## Task to carry out
Your task is to extract the lines from the one holding "move=> Bb; apply/eqP/idP" through the end of the material. Set them down exactly and add nothing.

------------------------------

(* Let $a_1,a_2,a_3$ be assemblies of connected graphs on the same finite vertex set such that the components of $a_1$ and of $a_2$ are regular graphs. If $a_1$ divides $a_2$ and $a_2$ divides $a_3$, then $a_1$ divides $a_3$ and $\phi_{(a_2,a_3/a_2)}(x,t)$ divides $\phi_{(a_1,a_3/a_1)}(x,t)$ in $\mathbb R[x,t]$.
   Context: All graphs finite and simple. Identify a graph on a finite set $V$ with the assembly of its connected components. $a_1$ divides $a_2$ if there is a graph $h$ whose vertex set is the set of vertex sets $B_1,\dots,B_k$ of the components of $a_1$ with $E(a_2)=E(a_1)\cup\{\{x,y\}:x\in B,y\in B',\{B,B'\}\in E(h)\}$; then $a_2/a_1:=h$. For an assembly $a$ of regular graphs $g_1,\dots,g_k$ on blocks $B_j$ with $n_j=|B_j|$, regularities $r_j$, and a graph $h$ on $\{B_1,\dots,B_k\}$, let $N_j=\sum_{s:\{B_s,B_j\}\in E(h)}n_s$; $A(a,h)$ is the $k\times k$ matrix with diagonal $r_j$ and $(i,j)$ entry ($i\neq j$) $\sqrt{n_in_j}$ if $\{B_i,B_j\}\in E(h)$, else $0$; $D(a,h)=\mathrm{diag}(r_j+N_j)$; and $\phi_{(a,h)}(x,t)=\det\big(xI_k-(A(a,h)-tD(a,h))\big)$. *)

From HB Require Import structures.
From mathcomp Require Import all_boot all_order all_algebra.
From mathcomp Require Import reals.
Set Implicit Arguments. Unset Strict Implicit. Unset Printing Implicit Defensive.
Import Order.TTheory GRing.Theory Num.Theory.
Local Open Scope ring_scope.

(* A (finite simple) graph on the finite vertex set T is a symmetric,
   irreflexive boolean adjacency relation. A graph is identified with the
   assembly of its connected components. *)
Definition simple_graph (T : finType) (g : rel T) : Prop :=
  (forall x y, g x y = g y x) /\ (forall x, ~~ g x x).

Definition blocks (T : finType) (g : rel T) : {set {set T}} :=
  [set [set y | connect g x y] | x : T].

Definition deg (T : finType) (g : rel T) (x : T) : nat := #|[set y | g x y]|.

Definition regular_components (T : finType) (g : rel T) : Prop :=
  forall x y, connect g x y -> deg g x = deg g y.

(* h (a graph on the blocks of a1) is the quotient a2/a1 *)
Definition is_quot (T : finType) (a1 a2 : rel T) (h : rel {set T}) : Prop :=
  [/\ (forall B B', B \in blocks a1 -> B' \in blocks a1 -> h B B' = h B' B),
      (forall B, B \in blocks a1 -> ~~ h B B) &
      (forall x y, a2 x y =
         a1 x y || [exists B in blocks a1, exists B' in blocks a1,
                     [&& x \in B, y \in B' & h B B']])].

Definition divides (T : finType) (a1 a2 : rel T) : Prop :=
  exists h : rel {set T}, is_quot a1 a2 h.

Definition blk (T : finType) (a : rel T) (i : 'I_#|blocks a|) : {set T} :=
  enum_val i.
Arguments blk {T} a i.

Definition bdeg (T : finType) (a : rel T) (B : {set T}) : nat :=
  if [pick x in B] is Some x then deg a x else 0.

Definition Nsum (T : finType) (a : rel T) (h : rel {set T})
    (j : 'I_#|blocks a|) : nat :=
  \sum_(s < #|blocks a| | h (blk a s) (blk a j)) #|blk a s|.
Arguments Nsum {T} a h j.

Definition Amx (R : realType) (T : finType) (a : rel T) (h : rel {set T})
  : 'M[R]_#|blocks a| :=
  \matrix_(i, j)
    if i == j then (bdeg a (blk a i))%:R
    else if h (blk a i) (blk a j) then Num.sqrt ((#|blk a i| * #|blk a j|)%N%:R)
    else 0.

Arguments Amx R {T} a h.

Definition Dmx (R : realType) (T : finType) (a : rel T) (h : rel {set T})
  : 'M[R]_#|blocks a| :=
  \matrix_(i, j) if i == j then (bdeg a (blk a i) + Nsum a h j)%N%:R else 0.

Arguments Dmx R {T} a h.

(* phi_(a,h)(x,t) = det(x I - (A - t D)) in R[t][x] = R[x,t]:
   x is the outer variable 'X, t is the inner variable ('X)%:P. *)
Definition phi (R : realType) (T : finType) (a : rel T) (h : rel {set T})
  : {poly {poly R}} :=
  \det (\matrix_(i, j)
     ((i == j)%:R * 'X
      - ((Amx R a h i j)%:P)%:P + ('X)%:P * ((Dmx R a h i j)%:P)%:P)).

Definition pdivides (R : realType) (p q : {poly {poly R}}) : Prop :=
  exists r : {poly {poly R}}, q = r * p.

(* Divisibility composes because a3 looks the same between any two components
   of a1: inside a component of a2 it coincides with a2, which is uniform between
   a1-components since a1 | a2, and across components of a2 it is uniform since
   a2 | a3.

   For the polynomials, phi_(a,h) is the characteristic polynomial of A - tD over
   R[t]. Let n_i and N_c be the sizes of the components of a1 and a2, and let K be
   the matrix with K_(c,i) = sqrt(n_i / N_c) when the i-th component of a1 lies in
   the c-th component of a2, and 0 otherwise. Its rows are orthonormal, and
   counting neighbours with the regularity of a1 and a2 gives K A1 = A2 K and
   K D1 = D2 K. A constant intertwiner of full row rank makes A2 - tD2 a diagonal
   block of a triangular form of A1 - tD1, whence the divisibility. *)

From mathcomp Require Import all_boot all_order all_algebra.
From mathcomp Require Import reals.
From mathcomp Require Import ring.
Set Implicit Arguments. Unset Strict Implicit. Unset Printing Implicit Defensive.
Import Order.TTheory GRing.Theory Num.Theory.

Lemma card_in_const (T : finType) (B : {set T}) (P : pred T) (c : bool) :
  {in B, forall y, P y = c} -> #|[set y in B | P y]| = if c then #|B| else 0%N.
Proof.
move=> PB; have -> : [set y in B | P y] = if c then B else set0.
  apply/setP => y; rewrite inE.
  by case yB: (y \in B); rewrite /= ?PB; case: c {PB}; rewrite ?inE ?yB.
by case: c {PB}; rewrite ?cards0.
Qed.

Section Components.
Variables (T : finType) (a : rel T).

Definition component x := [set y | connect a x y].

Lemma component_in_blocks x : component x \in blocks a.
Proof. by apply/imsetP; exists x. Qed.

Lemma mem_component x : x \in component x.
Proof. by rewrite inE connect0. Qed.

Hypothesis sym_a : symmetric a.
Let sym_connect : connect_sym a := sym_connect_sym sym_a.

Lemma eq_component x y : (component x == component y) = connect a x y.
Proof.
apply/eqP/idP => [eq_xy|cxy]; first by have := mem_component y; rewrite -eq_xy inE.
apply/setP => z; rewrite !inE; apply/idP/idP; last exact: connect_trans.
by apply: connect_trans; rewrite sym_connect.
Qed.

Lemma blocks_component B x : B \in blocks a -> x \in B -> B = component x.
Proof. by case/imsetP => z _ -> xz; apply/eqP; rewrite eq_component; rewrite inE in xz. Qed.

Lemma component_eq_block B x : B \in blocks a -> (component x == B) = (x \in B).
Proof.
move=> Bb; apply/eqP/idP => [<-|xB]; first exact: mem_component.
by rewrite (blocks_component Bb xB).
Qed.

------------------------------

## Task output
move=> Bb; apply/eqP/idP => [<-|xB]; first exact: mem_component.
by rewrite (blocks_component Bb xB).
Qed.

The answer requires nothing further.